What you should do
Records follow. Pull out every line that contains "order".

○ ○ ○

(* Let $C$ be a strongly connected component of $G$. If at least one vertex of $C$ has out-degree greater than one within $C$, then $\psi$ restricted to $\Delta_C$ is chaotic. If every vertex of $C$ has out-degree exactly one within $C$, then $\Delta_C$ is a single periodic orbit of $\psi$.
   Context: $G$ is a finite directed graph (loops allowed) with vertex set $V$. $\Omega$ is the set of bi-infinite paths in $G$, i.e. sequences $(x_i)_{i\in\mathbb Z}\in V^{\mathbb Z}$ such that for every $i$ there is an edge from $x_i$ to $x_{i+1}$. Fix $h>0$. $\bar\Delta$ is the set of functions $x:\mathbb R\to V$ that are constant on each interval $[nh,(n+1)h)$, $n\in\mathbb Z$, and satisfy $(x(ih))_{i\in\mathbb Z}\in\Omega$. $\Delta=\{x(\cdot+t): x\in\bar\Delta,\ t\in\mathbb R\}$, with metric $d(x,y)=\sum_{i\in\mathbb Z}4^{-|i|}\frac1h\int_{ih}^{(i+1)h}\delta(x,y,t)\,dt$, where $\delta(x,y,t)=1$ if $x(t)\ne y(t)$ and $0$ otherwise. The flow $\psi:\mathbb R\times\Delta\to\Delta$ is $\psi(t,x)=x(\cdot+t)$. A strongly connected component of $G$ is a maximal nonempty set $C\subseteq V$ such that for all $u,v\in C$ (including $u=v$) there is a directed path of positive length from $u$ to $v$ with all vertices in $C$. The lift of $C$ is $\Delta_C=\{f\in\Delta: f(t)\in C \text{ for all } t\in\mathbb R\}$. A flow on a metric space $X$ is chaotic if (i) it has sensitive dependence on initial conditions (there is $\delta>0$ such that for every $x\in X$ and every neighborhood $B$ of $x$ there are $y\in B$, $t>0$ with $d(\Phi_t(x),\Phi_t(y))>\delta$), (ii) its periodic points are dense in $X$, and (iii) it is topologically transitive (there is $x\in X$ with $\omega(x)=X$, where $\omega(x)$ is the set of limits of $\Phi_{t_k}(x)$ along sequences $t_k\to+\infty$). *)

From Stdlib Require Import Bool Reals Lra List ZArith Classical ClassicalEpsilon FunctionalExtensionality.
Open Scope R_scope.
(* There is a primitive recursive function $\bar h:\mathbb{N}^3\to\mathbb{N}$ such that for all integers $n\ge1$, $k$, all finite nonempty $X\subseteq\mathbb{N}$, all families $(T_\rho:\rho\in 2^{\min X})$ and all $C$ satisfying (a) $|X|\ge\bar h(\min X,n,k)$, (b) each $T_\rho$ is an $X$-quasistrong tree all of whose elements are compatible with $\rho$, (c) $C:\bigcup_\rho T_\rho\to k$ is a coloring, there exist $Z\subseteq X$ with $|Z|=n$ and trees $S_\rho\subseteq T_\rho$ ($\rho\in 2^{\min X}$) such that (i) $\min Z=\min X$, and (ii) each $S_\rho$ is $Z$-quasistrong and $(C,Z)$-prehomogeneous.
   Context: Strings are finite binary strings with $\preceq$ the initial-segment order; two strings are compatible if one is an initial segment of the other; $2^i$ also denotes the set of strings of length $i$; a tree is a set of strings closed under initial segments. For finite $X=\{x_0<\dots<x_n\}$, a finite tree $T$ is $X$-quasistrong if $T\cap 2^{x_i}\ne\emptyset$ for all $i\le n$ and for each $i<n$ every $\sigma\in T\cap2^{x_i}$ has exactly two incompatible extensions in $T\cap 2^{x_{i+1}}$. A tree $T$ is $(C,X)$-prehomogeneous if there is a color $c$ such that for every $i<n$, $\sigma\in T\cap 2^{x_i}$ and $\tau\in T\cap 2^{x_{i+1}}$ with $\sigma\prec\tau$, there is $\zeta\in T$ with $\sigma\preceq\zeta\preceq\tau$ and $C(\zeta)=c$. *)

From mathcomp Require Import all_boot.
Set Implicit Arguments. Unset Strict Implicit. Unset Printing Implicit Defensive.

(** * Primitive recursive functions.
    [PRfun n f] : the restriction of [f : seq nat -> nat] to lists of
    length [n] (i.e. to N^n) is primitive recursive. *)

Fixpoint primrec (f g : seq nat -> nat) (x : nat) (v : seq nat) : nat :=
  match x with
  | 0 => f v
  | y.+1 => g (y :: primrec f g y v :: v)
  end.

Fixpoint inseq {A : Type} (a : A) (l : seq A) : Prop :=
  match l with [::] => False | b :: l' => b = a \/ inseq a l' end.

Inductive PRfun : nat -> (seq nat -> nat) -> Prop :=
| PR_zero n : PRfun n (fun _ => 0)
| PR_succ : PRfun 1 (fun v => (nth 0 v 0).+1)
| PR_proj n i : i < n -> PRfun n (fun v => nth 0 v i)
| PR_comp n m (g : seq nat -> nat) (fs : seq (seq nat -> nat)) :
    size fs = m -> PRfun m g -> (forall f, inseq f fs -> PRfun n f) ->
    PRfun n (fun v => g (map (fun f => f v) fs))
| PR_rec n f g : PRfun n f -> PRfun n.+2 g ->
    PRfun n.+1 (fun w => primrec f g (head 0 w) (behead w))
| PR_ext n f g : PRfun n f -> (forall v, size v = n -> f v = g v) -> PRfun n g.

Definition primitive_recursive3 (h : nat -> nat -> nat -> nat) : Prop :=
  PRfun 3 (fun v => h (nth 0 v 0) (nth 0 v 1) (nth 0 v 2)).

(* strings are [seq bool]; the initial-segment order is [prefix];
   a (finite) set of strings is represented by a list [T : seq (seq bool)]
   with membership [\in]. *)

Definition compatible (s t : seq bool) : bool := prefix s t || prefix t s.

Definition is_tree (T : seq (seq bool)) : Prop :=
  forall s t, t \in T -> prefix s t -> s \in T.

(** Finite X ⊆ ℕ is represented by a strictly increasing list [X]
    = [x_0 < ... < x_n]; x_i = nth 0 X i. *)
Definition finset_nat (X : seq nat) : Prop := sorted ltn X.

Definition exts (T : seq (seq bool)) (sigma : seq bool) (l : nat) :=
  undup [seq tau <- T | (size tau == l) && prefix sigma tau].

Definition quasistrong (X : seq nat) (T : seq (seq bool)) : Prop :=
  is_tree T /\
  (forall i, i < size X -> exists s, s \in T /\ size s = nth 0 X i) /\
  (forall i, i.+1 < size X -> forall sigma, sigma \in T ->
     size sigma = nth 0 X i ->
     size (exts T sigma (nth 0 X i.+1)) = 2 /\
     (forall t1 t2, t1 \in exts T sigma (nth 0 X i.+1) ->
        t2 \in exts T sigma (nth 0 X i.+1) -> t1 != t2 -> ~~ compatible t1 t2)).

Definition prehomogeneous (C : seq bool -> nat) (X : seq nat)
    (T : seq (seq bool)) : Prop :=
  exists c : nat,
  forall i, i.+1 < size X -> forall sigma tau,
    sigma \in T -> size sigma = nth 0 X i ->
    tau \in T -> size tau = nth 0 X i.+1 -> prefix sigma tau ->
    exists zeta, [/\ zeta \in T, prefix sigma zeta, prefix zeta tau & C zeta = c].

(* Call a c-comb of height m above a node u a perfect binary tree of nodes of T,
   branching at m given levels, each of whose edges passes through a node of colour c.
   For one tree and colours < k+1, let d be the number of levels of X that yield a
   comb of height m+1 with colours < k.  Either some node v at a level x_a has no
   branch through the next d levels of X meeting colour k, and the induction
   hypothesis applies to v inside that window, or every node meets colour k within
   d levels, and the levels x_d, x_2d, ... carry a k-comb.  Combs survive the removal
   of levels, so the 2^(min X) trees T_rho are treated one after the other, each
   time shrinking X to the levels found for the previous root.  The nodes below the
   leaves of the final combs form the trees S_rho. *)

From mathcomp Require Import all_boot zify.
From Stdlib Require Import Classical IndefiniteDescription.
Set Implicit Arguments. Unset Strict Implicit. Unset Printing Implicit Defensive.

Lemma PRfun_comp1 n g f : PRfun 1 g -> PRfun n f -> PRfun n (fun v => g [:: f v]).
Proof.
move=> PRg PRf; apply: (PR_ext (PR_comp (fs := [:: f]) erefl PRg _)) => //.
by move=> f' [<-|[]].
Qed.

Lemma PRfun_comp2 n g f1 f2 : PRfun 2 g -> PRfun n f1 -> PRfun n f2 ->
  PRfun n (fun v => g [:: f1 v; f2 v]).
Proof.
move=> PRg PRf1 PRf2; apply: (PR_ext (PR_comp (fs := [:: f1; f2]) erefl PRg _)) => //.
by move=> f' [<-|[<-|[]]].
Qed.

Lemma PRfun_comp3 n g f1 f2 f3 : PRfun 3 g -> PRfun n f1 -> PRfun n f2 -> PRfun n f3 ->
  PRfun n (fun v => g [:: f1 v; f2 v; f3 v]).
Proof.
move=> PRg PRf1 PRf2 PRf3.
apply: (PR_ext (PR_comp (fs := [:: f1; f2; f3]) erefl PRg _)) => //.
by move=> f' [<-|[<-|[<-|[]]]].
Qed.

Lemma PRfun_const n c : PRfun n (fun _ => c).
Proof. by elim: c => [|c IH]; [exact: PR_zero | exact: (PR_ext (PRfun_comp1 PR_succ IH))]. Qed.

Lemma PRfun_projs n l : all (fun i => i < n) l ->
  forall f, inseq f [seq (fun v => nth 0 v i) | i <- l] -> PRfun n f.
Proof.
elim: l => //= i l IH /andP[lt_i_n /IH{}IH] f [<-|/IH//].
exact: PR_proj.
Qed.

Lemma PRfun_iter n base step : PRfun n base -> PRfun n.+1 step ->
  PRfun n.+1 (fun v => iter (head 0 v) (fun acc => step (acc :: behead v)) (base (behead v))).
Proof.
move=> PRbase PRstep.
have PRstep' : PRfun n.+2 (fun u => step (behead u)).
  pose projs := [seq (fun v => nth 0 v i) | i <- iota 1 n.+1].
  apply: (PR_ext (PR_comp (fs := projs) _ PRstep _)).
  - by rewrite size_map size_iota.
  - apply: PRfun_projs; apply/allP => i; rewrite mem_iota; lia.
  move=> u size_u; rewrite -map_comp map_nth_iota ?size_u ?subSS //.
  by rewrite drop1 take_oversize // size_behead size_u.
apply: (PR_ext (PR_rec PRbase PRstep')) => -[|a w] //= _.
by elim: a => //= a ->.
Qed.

○ ○ ○

Exercise response
   Context: Strings are finite binary strings with $\preceq$ the initial-segment order; two strings are compatible if one is an initial segment of the other; $2^i$ also denotes the set of strings of length $i$; a tree is a set of strings closed under initial segments. For finite $X=\{x_0<\dots<x_n\}$, a finite tree $T$ is $X$-quasistrong if $T\cap 2^{x_i}\ne\emptyset$ for all $i\le n$ and for each $i<n$ every $\sigma\in T\cap2^{x_i}$ has exactly two incompatible extensions in $T\cap 2^{x_{i+1}}$. A tree $T$ is $(C,X)$-prehomogeneous if there is a color $c$ such that for every $i<n$, $\sigma\in T\cap 2^{x_i}$ and $\tau\in T\cap 2^{x_{i+1}}$ with $\sigma\prec\tau$, there is $\zeta\in T$ with $\sigma\preceq\zeta\preceq\tau$ and $C(\zeta)=c$. *)
(* strings are [seq bool]; the initial-segment order is [prefix];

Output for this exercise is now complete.